** EXERCISE DETAILS **
In the data below, locate each line with the word "then" and list it.

** EXCERPTED RECORDS **

──────

(* Let $s\ge 1$ and $n_0,\dots,n_s,r$ be positive integers. If there exist integers $t\ge r$ and $l_0,\dots,l_s$ with $0\le l_i\le t$ for all $i$ and $\sum_{i=0}^s l_i=t$, such that $$\sum_{i=0}^s 2^t e^{-\frac{(t-l_i)_r}{(t)_r}n_i}\le 1,$$ then $ch(K_{n_0,\dots,n_s})>r$.
   Context: For an integer $a$ and a positive integer $r$, $(a)_r=a(a-1)\cdots(a-r+1)$ denotes the falling factorial. For a graph $G=(V,E)$, the choice number $ch(G)$ is the minimum integer $k$ such that for every assignment of a list $S(v)$ of at least $k$ colors to each vertex $v\in V$, there is a proper vertex coloring of $G$ assigning to each vertex $v$ a color from $S(v)$. $K_{n_0,\dots,n_s}$ denotes the complete $(s+1)$-partite graph with parts of sizes $n_0,\dots,n_s$. *)

From Stdlib Require Import Reals.
From mathcomp Require Import all_boot.
Set Implicit Arguments. Unset Strict Implicit. Unset Printing Implicit Defensive.

Definition list_colorable (V : finType) (adj : rel V) (L : V -> seq nat) : Prop :=
  exists c : V -> nat,
    (forall v, c v \in L v) /\ (forall u v, adj u v -> c u != c v).

Definition choosable (V : finType) (adj : rel V) (k : nat) : Prop :=
  forall L : V -> seq nat, (forall v, k <= size (undup (L v))) ->
    list_colorable adj L.

(* ch(G) > r, with ch(G) = min { k | G is k-choosable }: i.e. every k for which
   G is k-choosable exceeds r. *)
Definition choice_number_gt (V : finType) (adj : rel V) (r : nat) : Prop :=
  forall k, choosable adj k -> r < k.

Definition Kmulti_vertex (s : nat) (n : 'I_s.+1 -> nat) : finType :=
  {i : 'I_s.+1 & 'I_(n i)}.

Definition Kmulti_adj (s : nat) (n : 'I_s.+1 -> nat) : rel (Kmulti_vertex n) :=
  fun u v => tag u != tag v.

From Stdlib Require Import Reals Lra.
From mathcomp Require Import all_boot.

Set Implicit Arguments.
Unset Strict Implicit.
Unset Printing Implicit Defensive.

(* Give every vertex a uniformly random r-subset of the palette {0, ..., t-1}.
   For a part i and a set X of l_i colours, the probability that every list of
   part i meets X is (1 - C(t-l_i, r)/C(t, r))^(n_i) <= exp(-(t-l_i)_r/(t)_r n_i),
   and there are C(t, l_i) < 2^t such sets X; by the union bound and the
   hypothesis, some assignment avoids all these events.  On the other hand, a
   proper colouring from the lists uses pairwise disjoint sets of colours on the
   parts, so as sum l_i = t some part i uses at most l_i colours, and every list
   of part i meets an l_i-set containing them. *)

Lemma card_ffun_forall (V U : finType) (P : V -> pred U) :
  #|[set f : {ffun V -> U} | [forall v, f v \in P v]]| = \prod_v #|P v|.
Proof.
rewrite (eq_card (B := family P)); last by move=> f; rewrite inE; apply/forallP/familyP.
by rewrite card_family foldrE big_map big_enum.
Qed.

Lemma card_bigcup_le (I T : finType) (P : pred I) (F : I -> {set T}) :
  #|\bigcup_(i | P i) F i| <= \sum_(i | P i) #|F i|.
Proof.
apply: (big_ind2 (fun (A : {set T}) n => #|A| <= n)) => //; first by rewrite cards0.
by move=> A m B n leAm leBn; rewrite (leq_trans (leq_card_setU A B)) ?leq_add.
Qed.

Lemma sum_card_disjoint (I T : finType) (F : I -> {set T}) :
  (forall i j, i != j -> [disjoint F i & F j]) -> \sum_i #|F i| <= #|T|.
Proof.
move=> disjF; under eq_bigr do rewrite -sum1_card.
by rewrite -(partition_disjoint_bigcup _ _ disjF) sum1_card max_card.
Qed.

Lemma disjoint_pigeonhole (I T : finType) (F : I -> {set T}) (l : I -> nat) :
  (forall i j, i != j -> [disjoint F i & F j]) -> #|T| < \sum_i (l i).+1 ->
  exists i, #|F i| <= l i.
Proof.
move=> disjF lt_T_sum; apply/existsP; apply: contraLR lt_T_sum.
rewrite negb_exists -leqNgt => /forallP big_F.
apply: leq_trans (sum_card_disjoint disjF); apply: leq_sum => i _.
by rewrite ltnNge big_F.
Qed.

Lemma exists_superset_card (T : finType) (S : {set T}) k :
  #|S| <= k <= #|T| -> exists2 X : {set T}, S \subset X & #|X| = k.
Proof.
elim: k => [|k IHk] /andP[le_S_k le_k_T].
  by exists S => //; apply/eqP; rewrite -leqn0.
have [<-|ne_S_k] := eqVneq #|S| k.+1; first by exists S.
have [X sub_S_X card_X] : exists2 X : {set T}, S \subset X & #|X| = k.
  by apply: IHk; rewrite -ltnS ltn_neqAle ne_S_k le_S_k ltnW.
have [x] : exists x, x \in ~: X.
  by apply/card_gt0P; rewrite cardsCs setCK card_X subn_gt0.
rewrite in_setC => x_notin_X.
exists (x |: X); last by rewrite cardsU1 x_notin_X card_X.
exact: subset_trans sub_S_X (subsetUr _ _).
Qed.

Lemma bin_lt_exp2 t l : 0 < t -> 'C(t, l) < 2 ^ t.
Proof.
move=> t_gt0; rewrite -[t in 'C(t, _)]card_ord -card_draws.
rewrite -[t in 2 ^ t]card_ord -cardsT -card_powerset; apply: proper_card.
rewrite properE; apply/andP; split; first by apply/subsetP => A _; rewrite powersetE subsetT.
apply/subsetPn; have [->|l_gt0] := posnP l.
  by exists [set: 'I_t]; rewrite ?powersetE // inE cardsT card_ord -lt0n.
by exists set0; rewrite ?powersetE ?sub0set // inE cards0 eq_sym -lt0n.
Qed.

Lemma card_draws_meeting (T : finType) (X : {set T}) r :
  #|[set S : {set T} | (#|S| == r) && ~~ [disjoint S & X]]|
    = 'C(#|T|, r) - 'C(#|T| - #|X|, r).
Proof.
have avoid_sub : [set S : {set T} | S \subset ~: X & #|S| == r]
                    \subset [set S : {set T} | #|S| == r].
  by apply/subsetP => S; rewrite !inE => /andP[].
have -> : #|T| - #|X| = #|~: X| by rewrite -(cardsC X) addKn.
rewrite -card_draws -cards_draws -cardsDS //; apply: eq_card => S.
by rewrite !inE disjoints_subset; case: (S \subset _); case: (_ == r).
Qed.

Lemma choosableW (V : finType) (adj : rel V) k k' :
  k <= k' -> choosable adj k -> choosable adj k'.
Proof. by move=> le_k_k' k_ch L size_L; apply: k_ch => v; apply: leq_trans (size_L v). Qed.

Section CompleteMultipartite.

Variables (I V : finType) (part : V -> I) (adj : rel V).
Hypothesis adj_parts : forall u v, part u != part v -> adj u v.

Definition part_of i : {set V} := [set v | part v == i].

Definition hits t (S : V -> {set 'I_t}) i (X : {set 'I_t}) :=
  [forall v, (part v == i) ==> ~~ [disjoint S v & X]].

Lemma colorable_hits t (l : I -> nat) (S : V -> {set 'I_t}) :
  (forall i, l i <= t) -> t < \sum_i (l i).+1 ->
  list_colorable adj (fun v => [seq val x | x <- enum (S v)]) ->
  exists i, exists2 X : {set 'I_t}, #|X| = l i & hits S i X.
Proof.
move=> l_le_t t_lt_sum [c [c_in c_proper]].
pose used i := [set x : 'I_t | [exists v, (part v == i) && (c v == val x)]].
have used_disj i j : i != j -> [disjoint used i & used j].
  move=> ne_ij; rewrite -setI_eq0; apply/eqP/setP => x; rewrite !inE.
  apply/negP => /andP[/existsP[u /andP[/eqP part_u /eqP c_u]]].
  move=> /existsP[w /andP[/eqP part_w /eqP c_w]].
  have adj_uw : adj u w by apply: adj_parts; rewrite part_u part_w.
  by move: (c_proper u w adj_uw); rewrite c_u c_w eqxx.
have [i used_small] : exists i, #|used i| <= l i.
  by apply: disjoint_pigeonhole used_disj _; rewrite card_ord.
have [X used_sub_X card_X] : exists2 X : {set 'I_t}, used i \subset X & #|X| = l i.
  by apply: exists_superset_card; rewrite used_small card_ord l_le_t.
exists i, X => //; apply/forallP => v; apply/implyP => /eqP part_v.
rewrite -setI_eq0; apply/set0Pn.
have /mapP[x x_in c_v] := c_in v.
exists x; rewrite inE -mem_enum x_in (subsetP used_sub_X) //.
by rewrite inE; apply/existsP; exists v; rewrite part_v c_v !eqxx.
Qed.

Definition hitting t r i (X : {set 'I_t}) :=
  [set S : {ffun V -> {set 'I_t}} |
    [forall v, S v \in [set A : {set 'I_t} |
                        (#|A| == r) && ((part v == i) ==> ~~ [disjoint A & X])]]].

Lemma prod_part (x y : nat) i :
  \prod_v (if part v == i then x else y) = x ^ #|part_of i| * y ^ #|~: part_of i|.
Proof.
rewrite (bigID (fun v => part v == i)) /= -!prod_nat_const.
congr (_ * _).
  by apply: eq_big => [v|v ->] //; rewrite inE.
by apply: eq_big => [v|v /negPf->] //; rewrite !inE.
Qed.

Lemma card_hitting t r i (X : {set 'I_t}) :
  #|hitting r i X| = ('C(t, r) - 'C(t - #|X|, r)) ^ #|part_of i| * 'C(t, r) ^ #|~: part_of i|.
Proof.
rewrite card_ffun_forall -prod_part; apply: eq_bigr => v _.
case: (part v == i).
  have := card_draws_meeting X r; rewrite card_ord => <-.
  by apply: eq_card => A; rewrite !inE.
have := card_draws 'I_t r; rewrite card_ord => <-.
by apply: eq_card => A; rewrite !inE andbT.
Qed.

Definition assignments t r :=
  [set S : {ffun V -> {set 'I_t}} | [forall v, S v \in [set A : {set 'I_t} | #|A| == r]]].

Lemma card_assignments t r : #|assignments t r| = 'C(t, r) ^ #|V|.
Proof.
have := card_draws 'I_t r; rewrite card_ord => <-.
by rewrite card_ffun_forall -prod_nat_const.
Qed.

Lemma exists_unhit_assignment t r (l : I -> nat) :
  \sum_i 'C(t, l i) * (('C(t, r) - 'C(t - l i, r)) ^ #|part_of i| * 'C(t, r) ^ #|~: part_of i|)
    < 'C(t, r) ^ #|V| ->
  exists2 S : {ffun V -> {set 'I_t}},
    (forall v, #|S v| = r) & forall i (X : {set 'I_t}), #|X| = l i -> ~~ hits S i X.
Proof.
move=> count_lt.
pose bad := \bigcup_i \bigcup_(X : {set 'I_t} | #|X| == l i) hitting r i X.
have /subsetPn[S S_ok S_good] : ~~ (assignments t r \subset bad).
  apply: contraTN count_lt => /subset_leq_card; rewrite card_assignments -leqNgt.
  move/leq_trans; apply; apply: leq_trans (card_bigcup_le _ _) _; apply: leq_sum => i _.
  apply: leq_trans (card_bigcup_le _ _) _.
  pose hit_count := ('C(t, r) - 'C(t - l i, r)) ^ #|part_of i| * 'C(t, r) ^ #|~: part_of i|.
  rewrite (eq_bigr (fun _ => hit_count)).
    rewrite sum_nat_const; have := card_draws 'I_t (l i); rewrite card_ord => <-.
    by apply: eq_leq; congr (_ * _); apply: eq_card => X; rewrite !inE.
  by move=> X /eqP card_X; rewrite /hit_count -card_X; apply: card_hitting.
exists S => [v|i X card_X].
  by move: S_ok; rewrite inE => /forallP/(_ v); rewrite inE => /eqP.
apply: contra S_good => hits_SX; apply/bigcupP; exists i => //.
apply/bigcupP; exists X; first by rewrite card_X.
rewrite inE; apply/forallP => v; rewrite inE.
move: S_ok; rewrite inE => /forallP/(_ v); rewrite inE => -> /=.
by move: hits_SX => /forallP/(_ v).
Qed.

Lemma not_choosable t r (l : I -> nat) :
  (forall i, l i <= t) -> t < \sum_i (l i).+1 ->
  \sum_i 'C(t, l i) * (('C(t, r) - 'C(t - l i, r)) ^ #|part_of i| * 'C(t, r) ^ #|~: part_of i|)
    < 'C(t, r) ^ #|V| ->
  ~ choosable adj r.
Proof.
move=> l_le_t t_lt_sum count_lt r_choosable.
have [S card_S unhit] := exists_unhit_assignment count_lt.
pose L v := [seq val x | x <- enum (S v)].
have size_L v : r <= size (undup (L v)).
  rewrite undup_id ?size_map -?cardE ?card_S //.
  by rewrite map_inj_uniq ?enum_uniq //; apply: val_inj.
have [i [X card_X hits_SX]] := colorable_hits l_le_t t_lt_sum (r_choosable L size_L).
by move: (unhit i X card_X); rewrite hits_SX.
Qed.

End CompleteMultipartite.

Open Scope R_scope.

Lemma INR_expn (a k : nat) : INR (a ^ k)%N = INR a ^ k.
Proof. by elim: k => [|k IHk] //; rewrite expnS mult_INR IHk. Qed.

Lemma INR_sum (I : finType) (F : I -> nat) :
  INR (\sum_i F i) = \big[Rplus/R0]_i INR (F i).
Proof. by apply: (big_morph INR plus_INR). Qed.

Lemma Rsum_mult_l (I : finType) (c : R) (F : I -> R) :
  c * \big[Rplus/R0]_i F i = \big[Rplus/R0]_i (c * F i).
Proof. by apply: (big_morph (Rmult c) (Rmult_plus_distr_l c) (Rmult_0_r c)). Qed.

Lemma Rsum_lt_ord (m : nat) (F G : 'I_m.+1 -> R) :
  (forall i, F i < G i) -> \big[Rplus/R0]_i F i < \big[Rplus/R0]_i G i.
Proof.
move=> lt_FG; rewrite !big_ord_recl; apply: Rplus_lt_le_compat; first exact: lt_FG.
apply: (big_ind2 Rle) => [|x1 x2 y1 y2|i _]; [lra | lra | exact/Rlt_le/lt_FG].
Qed.

Lemma exp_pow (x : R) (k : nat) : exp x ^ k = exp (x * INR k).
Proof.
elim: k => [|k IHk]; first by rewrite Rmult_0_r exp_0.
by rewrite [LHS]/= IHk S_INR -exp_plus; congr exp; ring.
Qed.

Lemma one_sub_pow_le_exp (x : R) (k : nat) :
  0 <= x <= 1 -> (1 - x) ^ k <= exp (- (x * INR k)).
Proof.
move=> x01; rewrite Ropp_mult_distr_l -exp_pow; apply: pow_incr.
by have := exp_ineq1_le (- x); lra.
Qed.

Lemma INR_subn_pow_le (a b k : nat) : (b <= a)%N -> (0 < a)%N ->
  INR ((a - b) ^ k) <= INR a ^ k * exp (- (INR b / INR a * INR k)).
Proof.
move=> le_b_a a_gt0; rewrite INR_expn.
have a_pos : 0 < INR a by apply/lt_0_INR/ltP.
have b_le_a : INR b <= INR a by apply/le_INR/leP.
have -> : INR (a - b) = INR a * (1 - INR b / INR a).
  by rewrite subnE minus_INR; [field; lra | apply/leP].
rewrite Rpow_mult_distr; apply: Rmult_le_compat_l; first exact/pow_le/Rlt_le.
apply: one_sub_pow_le_exp.
have b_eq : INR b = INR b / INR a * INR a by field; lra.
have := pos_INR b; nra.
Qed.

Lemma sum_lt_of_exp_bound (s t a N : nat) (b c m k : 'I_s.+1 -> nat) :
  (0 < a)%N -> (forall i, b i <= a)%N -> (forall i, c i < 2 ^ t)%N ->
  (forall i, m i + k i = N)%N ->
  \big[Rplus/R0]_i (INR 2 ^ t * exp (- (INR (b i) / INR a * INR (m i)))) <= 1 ->
  (\sum_i c i * ((a - b i) ^ m i * a ^ k i) < a ^ N)%N.
Proof.
move=> a_gt0 le_b_a lt_c_2t sum_mk exp_bound.
have a_pos : 0 < INR a by apply/lt_0_INR/ltP.
apply/ltP/INR_lt; rewrite INR_sum.
apply: (Rlt_le_trans _ (INR (a ^ N) *
  \big[Rplus/R0]_i (INR 2 ^ t * exp (- (INR (b i) / INR a * INR (m i)))))); last first.
  rewrite -[X in _ <= X]Rmult_1_r; apply: Rmult_le_compat_l exp_bound.
  exact: pos_INR.
rewrite Rsum_mult_l; apply: Rsum_lt_ord => i.
set E := exp _; have E_pos : 0 < E by apply: exp_pos.
have c_lt : INR (c i) < INR 2 ^ t by rewrite -INR_expn; apply/lt_INR/ltP.
rewrite -(sum_mk i) expnD !mult_INR !INR_expn.
have AEK_pos : 0 < INR a ^ m i * E * INR a ^ k i.
  by apply: Rmult_lt_0_compat; [apply: Rmult_lt_0_compat|]; try apply: pow_lt.
apply: (Rle_lt_trans _ (INR (c i) * (INR a ^ m i * E * INR a ^ k i))).
  apply: Rmult_le_compat_l; first exact: pos_INR.
  apply: Rmult_le_compat_r; first exact/pow_le/Rlt_le.
  by rewrite -INR_expn; apply: INR_subn_pow_le.
apply: Rlt_le_trans (Rmult_lt_compat_r _ _ _ AEK_pos c_lt) (Req_le _ _ _); ring.
Qed.

Lemma ffact_ratio_bin (a t r : nat) : (r <= t)%N ->
  INR (a ^_ r) / INR (t ^_ r) = INR 'C(a, r) / INR 'C(t, r).
Proof.
move=> le_r_t; rewrite -!bin_ffact !mult_INR; field.
by split; apply/not_0_INR/eqP; rewrite -lt0n ?fact_gt0 ?bin_gt0.
Qed.

Close Scope R_scope.

Lemma card_Kmulti_part s (n : 'I_s.+1 -> nat) i :
  #|part_of (tag : Kmulti_vertex n -> 'I_s.+1) i| = n i.
Proof.
have Tagged_inj : injective (fun x : 'I_(n i) => Tagged (fun j => 'I_(n j)) x).
  by move=> x y; apply: eq_from_Tagged.
rewrite -[n i]card_ord -cardsT -(card_imset _ Tagged_inj).
apply: eq_card => -[j x]; rewrite !inE /=.
by apply/eqP/imsetP => [<-|[y _ /(congr1 tag) //]]; exists x.
Qed.

Theorem lemma6p1 (s : nat) (n : 'I_s.+1 -> nat) (r : nat) :
  1 <= s -> (forall i, 0 < n i) -> 0 < r ->
  (exists (t : nat) (l : 'I_s.+1 -> nat),
      r <= t /\ (forall i, l i <= t) /\ \sum_(i < s.+1) l i = t /\
      Rle (\big[Rplus/R0]_(i < s.+1)
             Rmult (pow (INR 2) t)
                   (exp (Ropp (Rmult (Rdiv (INR ((t - l i) ^_ r)) (INR (t ^_ r)))
                                     (INR (n i))))))
          R1) ->
  choice_number_gt (@Kmulti_adj s n) r.
Proof.
move=> _ _ r_gt0 [t [l [le_r_t [le_l_t [sum_l exp_bound]]]]] k k_choosable.
rewrite ltnNge; apply/negP => le_k_r.
apply: (not_choosable (part := tag) _ le_l_t _ _ (choosableW le_k_r k_choosable)) => //.
  under eq_bigr do rewrite -addn1.
  by rewrite big_split /= sum_l sum1_card card_ord addnS ltnS leq_addr.
apply: sum_lt_of_exp_bound => [|i|i|i|].
- by rewrite bin_gt0.
- by rewrite leq_bin2l ?leq_subr.
- by apply: bin_lt_exp2; apply: leq_trans le_r_t.
- by rewrite cardsC.
under eq_bigr do rewrite card_Kmulti_part -ffact_ratio_bin //.
exact: exp_bound.
Qed.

──────

** RESPONSE TO THIS TASK **
(* Let $s\ge 1$ and $n_0,\dots,n_s,r$ be positive integers. If there exist integers $t\ge r$ and $l_0,\dots,l_s$ with $0\le l_i\le t$ for all $i$ and $\sum_{i=0}^s l_i=t$, such that $$\sum_{i=0}^s 2^t e^{-\frac{(t-l_i)_r}{(t)_r}n_i}\le 1,$$ then $ch(K_{n_0,\dots,n_s})>r$.
  \prod_v (if part v == i then x else y) = x ^ #|part_of i| * y ^ #|~: part_of i|.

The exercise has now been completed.